(* Let $(\mathbb S,+,\cdot)$ be an Essential S-Structure with Base Unit $A$. If $s,t\in\mathbb S$ with $s=x-1+y\cdot A$ and $t=u-1+v\cdot A$ for some $y,v\in\Lambda$ and $x,u\in\mathbb S_0$, then $s+t=(x+u)-1+(y+v)\cdot A$.
   Context: An S-Structure is a triple $(\mathbb S,+,\cdot)$ where $\mathbb S$ is a set and $+,\cdot$ are binary operations on $\mathbb S$ such that: $(\mathbb S,+)$ is a commutative group with identity $0$ (the inverse of $s$ is written $-s$, and $s-t:=s+(-t)$); $\mathbb S$ is closed under $\cdot$; and there exists $s\in\mathbb S$ with $0\cdot s\neq 0$ or $s\cdot 0\neq 0$. Multiplication binds tighter than addition. The structures considered come with a distinguished element of $\mathbb S$ denoted $1$. It is Commutative if $s\cdot t=t\cdot s$ for all $s,t$. For a Commutative S-Structure and $\alpha\in\mathbb S$, put $\mathbb S_\alpha=\{s\in\mathbb S:0\cdot s=s\cdot 0=\alpha\}$ and $\Lambda=\{\alpha\in\mathbb S:\mathbb S_\alpha\neq\emptyset\}$. Wheel Distributive: $s\cdot(t+r)+(s\cdot 0)=(s\cdot t)+(s\cdot r)$ for all $s,t,r\in\mathbb S$. S-Associative: for all $m,n\in\mathbb S_0$ and $s\in\mathbb S$, $m\cdot(n\cdot s)=(m\cdot n)\cdot s-([(m-1)\cdot(n-1)]\cdot(0\cdot s))$. Base: if $\mathbb S_0\neq\emptyset$ and $\alpha\in\Lambda$, $q\in\mathbb S_\alpha$ is a Base for $\mathbb S_\alpha$ if $q+\beta\in\mathbb S_\alpha$ for all $\beta\in\mathbb S_0$ and every $s\in\mathbb S_\alpha$ equals $q+\beta$ for some $\beta\in\mathbb S_0$. Coordinated: $\mathbb S_0\neq\emptyset$ and every $\mathbb S_\alpha$ with $\alpha\in\Lambda$ has a Base. Standard Bases: a Coordinated Commutative S-Structure has Standard Bases if there is a specified element $q_0(1)\in\mathbb S_1$ which is a Base for $\mathbb S_1$, and for every $\alpha\in\Lambda$ the element $q_0(\alpha):=\alpha\cdot(q_0(1)+1)-1$ lies in $\mathbb S_\alpha$ and is a Base for $\mathbb S_\alpha$. The Base Unit is $A:=q_0(1)+1$. An Essential S-Structure is an S-Structure that is Commutative, Wheel Distributive, S-Associative, has Standard Bases (in particular is Coordinated), satisfies $0,1\in\mathbb S_0$, and satisfies $\mathbb S_0=\{1\cdot x:x\in\mathbb S_0\}$. *)

(* the additive commutative group (S,+) is a zmodType;
   the multiplication [mul] and the distinguished element [one] are
   explicit parameters (S is not a ring). *)
From HB Require Import structures.
From mathcomp Require Import all_boot all_order all_algebra.
Set Implicit Arguments. Unset Strict Implicit. Unset Printing Implicit Defensive.
Import GRing.Theory.
Local Open Scope ring_scope.

Section SStruct.
Variables (S : zmodType) (mul : S -> S -> S) (one : S).

(* S-Structure: (S,+) commutative group (given by zmodType), closed under mul
   (mul : S -> S -> S), and some s with 0.s <> 0 or s.0 <> 0. *)
Definition S_Structure : Prop :=
  exists s : S, mul 0 s <> 0 \/ mul s 0 <> 0.

Definition Commutative : Prop := forall s t : S, mul s t = mul t s.

Definition S_alpha (alpha s : S) : Prop := mul 0 s = alpha /\ mul s 0 = alpha.

Definition Lambda (alpha : S) : Prop := exists s, S_alpha alpha s.

Definition Wheel_Distributive : Prop :=
  forall s t r : S, mul s (t + r) + mul s 0 = mul s t + mul s r.

Definition S_Associative : Prop :=
  forall m n s : S, S_alpha 0 m -> S_alpha 0 n ->
    mul m (mul n s) = mul (mul m n) s - mul (mul (m - one) (n - one)) (mul 0 s).

Definition Base (alpha q : S) : Prop :=
  (exists b, S_alpha 0 b) /\ Lambda alpha /\ S_alpha alpha q /\
  (forall beta, S_alpha 0 beta -> S_alpha alpha (q + beta)) /\
  (forall s, S_alpha alpha s -> exists beta, S_alpha 0 beta /\ s = q + beta).

Definition Coordinated : Prop :=
  (exists b, S_alpha 0 b) /\ forall alpha, Lambda alpha -> exists q, Base alpha q.

Definition q0 (q01 alpha : S) : S := mul alpha (q01 + one) - one.

(* Standard Bases w.r.t. the specified element q01 = q_0(1) *)
Definition Standard_Bases (q01 : S) : Prop :=
  Coordinated /\ Commutative /\ S_alpha one q01 /\ Base one q01 /\
  forall alpha, Lambda alpha -> S_alpha alpha (q0 q01 alpha) /\ Base alpha (q0 q01 alpha).

Definition Base_Unit (q01 : S) : S := q01 + one.

Definition Essential (q01 : S) : Prop :=
  S_Structure /\ Commutative /\ Wheel_Distributive /\ S_Associative /\
  Standard_Bases q01 /\
  S_alpha 0 0 /\ S_alpha 0 one /\
  (forall x, S_alpha 0 x <-> exists y, S_alpha 0 y /\ x = mul one y).

End SStruct.

(* Wheel distributivity together with commutativity gives
   (y + v) * A = y * A + v * A - 0 * A, and 0 * A = 0 * q0(1) + 0 * 1 - 0 * 0 = 1
   because q0(1) lies in S_1 while 0 and 1 lie in S_0.  What remains is an identity
   in the additive group. *)
From mathcomp Require Import all_boot all_order all_algebra.
Import GRing.Theory.
Local Open Scope ring_scope.

Section WheelArithmetic.
Variables (S : zmodType) (mul : S -> S -> S) (one : S).
Hypotheses (mulC : Commutative mul) (mulD : Wheel_Distributive mul).

Lemma wheel_mulDl (a b c : S) : mul (a + b) c = mul a c + mul b c - mul 0 c.
Proof. by rewrite !(mulC _ c) -mulD addrK. Qed.

Lemma wheel_mul0_base_unit (q01 : S) :
  S_alpha mul 0 0 -> S_alpha mul one q01 -> S_alpha mul 0 one ->
  mul 0 (Base_Unit one q01) = one.
Proof.
move=> [mul00 _] [mul0q _] [mul01 _].
by have := mulD 0 q01 one; rewrite mul00 mul0q mul01 !addr0.
Qed.

Lemma wheel_mulDl_base_unit (q01 a b : S) :
  S_alpha mul 0 0 -> S_alpha mul one q01 -> S_alpha mul 0 one ->
  mul (a + b) (Base_Unit one q01) =
  mul a (Base_Unit one q01) + mul b (Base_Unit one q01) - one.
Proof. by move=> S00 S1q S01; rewrite wheel_mulDl wheel_mul0_base_unit. Qed.

End WheelArithmetic.

Lemma addr_shifted_coords (S : zmodType) (e x u a b : S) :
  (x - e + a) + (u - e + b) = (x + u) - e + (a + b - e).
Proof.
by rewrite [x - e + a]addrAC [u - e + b]addrAC [LHS]addrACA [RHS]addrACA [x + a + _]addrACA.
Qed.

Theorem proposition3p1p6 (S : zmodType) (mul : S -> S -> S) (one q01 : S)
  (HE : Essential mul one q01) (s t x y u v : S) :
  Lambda mul y -> Lambda mul v -> S_alpha mul 0 x -> S_alpha mul 0 u ->
  s = x - one + mul y (Base_Unit one q01) ->
  t = u - one + mul v (Base_Unit one q01) ->
  s + t = (x + u) - one + mul (y + v) (Base_Unit one q01).
Proof.
move=> _ _ _ _ -> ->.
case: HE => _ [mulC [mulD [_ [[_ [_ [S1q _]]] [S00 [S01 _]]]]]].
by rewrite wheel_mulDl_base_unit // addr_shifted_coords.
Qed.
Lemma mp3_pendant_end_weak_max b w u : deg e b = 1 -> e b w -> deg e w = 2 -> e w u ->
  1 < deg e u -> forall y, e u y -> deg e y <= deg e u.
Proof.
move=> b_leaf ebw w_deg2 ewu u_deg y euy; rewrite leqNgt; apply/negP => uy.
have ub_nadj : ~~ e u b.
  rewrite e_sym; apply/negP => ebu.
  by move: (adj_neq e_irr ewu); rewrite (deg1_nbr b_leaf ebw ebu) eqxx.
apply: (@mp3_no_dm4 b w u y); split.
- split; [exact: (adj_neq e_irr ebw) | | by apply: contraNneq ub_nadj => ->].
  by apply: contraTneq u_deg => <-; rewrite b_leaf.
- split; [exact: (adj_neq e_irr ewu) | | exact: (adj_neq e_irr euy)].
  by apply: contraTneq uy => <-; rewrite w_deg2 -leqNgt.
- by split.
- by rewrite /mono4 b_leaf w_deg2; left; do 2!split=> //; apply: ltnW.
Qed.

Lemma mp3_leaf_off_max x b : (forall y, deg e y <= deg e x) -> 1 < deg e x ->
  deg e b = 1 -> ~~ e x b -> False.
Proof.
move=> x_max x_deg b_leaf xb.
have [w ebw] := exists_nbr (mp3_deg_gt0 b).
have xw : x != w by apply: contraNneq xb => ->; rewrite e_sym.
have bx : b != x by apply: contraTneq x_deg => <-; rewrite b_leaf.
have w_deg := leaf_nbr_gt1 e_sym e_conn b_leaf ebw x_deg xw.
have mp23 : 2 <= mp e <= 3 by rewrite mp3.
have [w_deg2|w_deg3] : deg e w = 2 \/ 2 < deg e w by lia.
  have [u ewu ub] := exists_nbr_neq b w_deg; have bu : b != u by rewrite eq_sym.
  have u_deg : 1 < deg e u.
    rewrite ltnNge; apply/negP => u_le1.
    have u_leaf : deg e u = 1 by have := mp3_deg_gt0 u; lia.
    have := path3_component e_sym e_conn b_leaf ebw w_deg2 ewu u_leaf bu x.
    rewrite !(eq_sym x) (negbTE bx) eq_sym (negbTE xw) /= => /eqP ux.
    by move: x_deg; rewrite -ux u_leaf.
  have ub_nadj : ~~ e u b.
    rewrite e_sym; apply/negP => ebu.
    by move: (adj_neq e_irr ewu); rewrite (deg1_nbr b_leaf ebw ebu) eqxx.
  have u_wmax := mp3_pendant_end_weak_max b_leaf ebw w_deg2 ewu u_deg.
  have [p0 [p1 [p2 [p3 dmp]]]] := mp3_dm4_add_edge ub ub_nadj.
  exact: mp3_no_dm4 (dm4_add_edge_pendant e_sym e_irr ub ub_nadj b_leaf ebw w_deg2 ewu
    u_wmax u_deg dmp).
exact: (saturated_weak_max_leaf e_sym e_irr e_sat mp23 b_leaf ebw w_deg3 x_deg _ xw).
Qed.

Lemma mp3_leaves_at_max_deg2 x b : (forall y, deg e y <= deg e x) -> deg e x = 2 ->
  deg e b = 1 -> (forall y, deg e y = 1 -> e x y) -> False.
Proof.
move=> x_max x_deg2 b_leaf leaves_x.
have exb := leaves_x _ b_leaf; have ebx : e b x by rewrite e_sym.
have [y exy yb] : exists2 y, e x y & y != b by apply: exists_nbr_neq; rewrite x_deg2.
have by' : b != y by rewrite eq_sym.
have [y_leaf|y_nleaf] := eqVneq (deg e y) 1.
  have comp := path3_component e_sym e_conn b_leaf ebx x_deg2 exy y_leaf by'.
  have star_x : is_star e x.
    apply: (star_of_leaves e_sym e_irr e_conn) => z zx.
    by case/or3P: (comp z) => /eqP E; rewrite E ?eqxx // in zx *.
  have [p [q [r dmp]]] := mp3_dm3.
  by apply: (no_dm3_star e_sym star_x _ dmp); rewrite x_deg2.
have y_deg2 : deg e y = 2 by have := x_max y; have := mp3_deg_gt0 y; lia.
have [z eyz zx] : exists2 z, e y z & z != x by apply: exists_nbr_neq; rewrite y_deg2.
have zb : z != b.
  apply: contraTneq eyz => ->; rewrite e_sym; apply/negP => eby.
  by move: (adj_neq e_irr exy); rewrite (deg1_nbr b_leaf ebx eby) eqxx.
have z_deg2 : deg e z = 2.
  have [z_leaf|] := eqVneq (deg e z) 1.
    case: (deg2_nbr x_deg2 exb exy by' (leaves_x _ z_leaf)) => E; subst z.
    - by rewrite eqxx in zb.
    - by rewrite e_irr in eyz.
  by have := x_max z; have := mp3_deg_gt0 z; rewrite x_deg2; lia.
apply: (@mp3_no_dm4 b x y z); split.
- by split; rewrite // eq_sym ?(negbT zb) ?(adj_neq e_irr exb).
- by split; rewrite ?(adj_neq e_irr exy) ?(adj_neq e_irr eyz) 1?eq_sym.
- by split.
- by rewrite /mono4 b_leaf x_deg2 y_deg2 z_deg2; left.
Qed.

Section LeavesAtMax.
Variables (x b0 : T).
Hypothesis x_deg : 2 < deg e x.
Hypotheses (b0_leaf : deg e b0 = 1) (leaves_x : forall y, deg e y = 1 -> e x y).
Hypothesis climb : forall a, a != x -> 1 < deg e a -> exists2 y, e a y & deg e a < deg e y.

Local Notation L := [set v | deg e v == 1].
Local Notation J := [set y | e x y & deg e y != 1].
Local Notation excess := (\sum_(v | v != x) (deg e v - 2)).

Lemma leaf_nbr_eq_max l z : deg e l = 1 -> e l z -> z = x.
Proof. by move=> l_leaf elz; apply: (deg1_nbr l_leaf _ elz); rewrite e_sym; apply: leaves_x. Qed.

Lemma deg_max_leaves_inner : deg e x = #|L| + #|J|.
Proof.
rewrite /deg -(cardsID L [set y | e x y]); congr (_ + _).
- by apply: eq_card => y; rewrite !inE andbC; case: eqP => //= /leaves_x.
- by apply: eq_card => y; rewrite !inE andbC.
Qed.

(* Handshake with |E| <= |V|: the degrees exceed 2 in total by at most the number of
   leaves, and all leaves are neighbours of x. *)
Lemma excess_budget : #|J| + excess <= 2.
Proof.
have := sum_deg_sub2_le_leaves e_irr mp3_deg_gt0 e_sparse.
by rewrite (bigD1 x) //= deg_max_leaves_inner; lia.
Qed.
::::::
#### [What the exercise asks]
Which lines above include the word "excess"? Return each one.

#### [Answer to this exercise]
Local Notation excess := (\sum_(v | v != x) (deg e v - 2)).
Lemma excess_budget : #|J| + excess <= 2.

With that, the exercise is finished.